▶ _WHAT TO PRODUCE_
Write out exactly the lines from the one containing "exact: (wdist_bounded no_loop t1w t2w)." through the last line of the records below, including both.

####################

Lemma not_adjacent_pump (Sigma Omega : finType) (t1 t2 : seq Sigma -> option (seq Omega)) :
  rational_fun t1 -> rational_fun t2 -> ~ adjacent t1 t2 ->
  exists x y z K, forall k,
    [/\ in_dom t1 (pump x y z k), in_dom t2 (pump x y z k)
      & k <= dist_at t1 t2 (pump x y z k) + K].
Proof.
move=> /recognizable_rational [A1 t1A1] /recognizable_rational [A2 t2A2] not_adj.
have [loop|no_loop] := classic (delay_changing_loop A1 A2); last first.
  case: not_adj; exists (#|{: jstate A1 A2}| * (out_bound A1 + out_bound A2)).
  move=> w u v /(t1A1 (w, u)) t1w /(t2A2 (w, v)) t2w.
  exact: (wdist_bounded no_loop t1w t2w).
have [x [y [z [K grows]]]] := pump_of_delay_changing_loop loop.
exists x, y, z, K => k; have [u [v [/t1A1 t1k /t2A2 t2k lb]]] := grows k.
by rewrite /in_dom /dist_at t1k t2k.
Qed.

Local Open Scope ring_scope.

Lemma eventually_linear_lower_bound (f : nat -> nat) K :
  (forall k, k <= f k + K)%N ->
  exists (c : rat) k0, 0 < c /\ forall k, (k0 <= k)%N -> c * k%:R <= (f k)%:R.
Proof.
move=> lb; exists 2^-1, (2 * K)%N; split=> // k le_k0k.
have : (k%:R : rat) <= 2 * (f k)%:R by rewrite -natrM ler_nat; have := lb k; lia.
by lra.
Qed.

Theorem lemma21 (Sigma Omega : finType)
  (t1 t2 : seq Sigma -> option (seq Omega)) :
  rational_fun t1 -> rational_fun t2 -> ~ adjacent t1 t2 ->
  (exists x y z : seq Sigma,
      (forall k : nat, in_dom t1 (pump x y z k) /\ in_dom t2 (pump x y z k)) /\
      (exists (c : rat) (k0 : nat), 0 < c /\
         forall k : nat, (k0 <= k)%N ->
           c * k%:R <= (dist_at t1 t2 (pump x y z k))%:R))
  /\
  (exists c d : nat, forall k : nat, exists w : seq Sigma,
      [/\ in_dom t1 w, in_dom t2 w, (size w <= c * k + d)%N
        & (k <= dist_at t1 t2 w)%N]).
Proof.
move=> rat1 rat2 not_adj.
have [x [y [z [K grows]]]] := not_adjacent_pump rat1 rat2 not_adj.
split.
  exists x, y, z; split=> [k|]; first by case: (grows k).
  apply: (@eventually_linear_lower_bound (fun k => dist_at t1 t2 (pump x y z k)) K).
  by move=> k; case: (grows k).
exists (size y), (size x + size z + K * size y)%N => k.
have [dom1 dom2 lb] := grows (k + K)%N.
exists (pump x y z (k + K)); split=> //; last by lia.
by rewrite size_pump; nia.
Qed.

####################

▶ _THE COMPLETED TASK_
  exact: (wdist_bounded no_loop t1w t2w).
have [x [y [z [K grows]]]] := pump_of_delay_changing_loop loop.
exists x, y, z, K => k; have [u [v [/t1A1 t1k /t2A2 t2k lb]]] := grows k.
by rewrite /in_dom /dist_at t1k t2k.
Qed.

Local Open Scope ring_scope.

Lemma eventually_linear_lower_bound (f : nat -> nat) K :
  (forall k, k <= f k + K)%N ->
  exists (c : rat) k0, 0 < c /\ forall k, (k0 <= k)%N -> c * k%:R <= (f k)%:R.
Proof.
move=> lb; exists 2^-1, (2 * K)%N; split=> // k le_k0k.
have : (k%:R : rat) <= 2 * (f k)%:R by rewrite -natrM ler_nat; have := lb k; lia.
by lra.
Qed.

Theorem lemma21 (Sigma Omega : finType)
  (t1 t2 : seq Sigma -> option (seq Omega)) :
  rational_fun t1 -> rational_fun t2 -> ~ adjacent t1 t2 ->
  (exists x y z : seq Sigma,
      (forall k : nat, in_dom t1 (pump x y z k) /\ in_dom t2 (pump x y z k)) /\
      (exists (c : rat) (k0 : nat), 0 < c /\
         forall k : nat, (k0 <= k)%N ->
           c * k%:R <= (dist_at t1 t2 (pump x y z k))%:R))
  /\
  (exists c d : nat, forall k : nat, exists w : seq Sigma,
      [/\ in_dom t1 w, in_dom t2 w, (size w <= c * k + d)%N
        & (k <= dist_at t1 t2 w)%N]).
Proof.
move=> rat1 rat2 not_adj.
have [x [y [z [K grows]]]] := not_adjacent_pump rat1 rat2 not_adj.
split.
  exists x, y, z; split=> [k|]; first by case: (grows k).
  apply: (@eventually_linear_lower_bound (fun k => dist_at t1 t2 (pump x y z k)) K).
  by move=> k; case: (grows k).
exists (size y), (size x + size z + K * size y)%N => k.
have [dom1 dom2 lb] := grows (k + K)%N.
exists (pump x y z (k + K)); split=> //; last by lia.
by rewrite size_pump; nia.
Qed.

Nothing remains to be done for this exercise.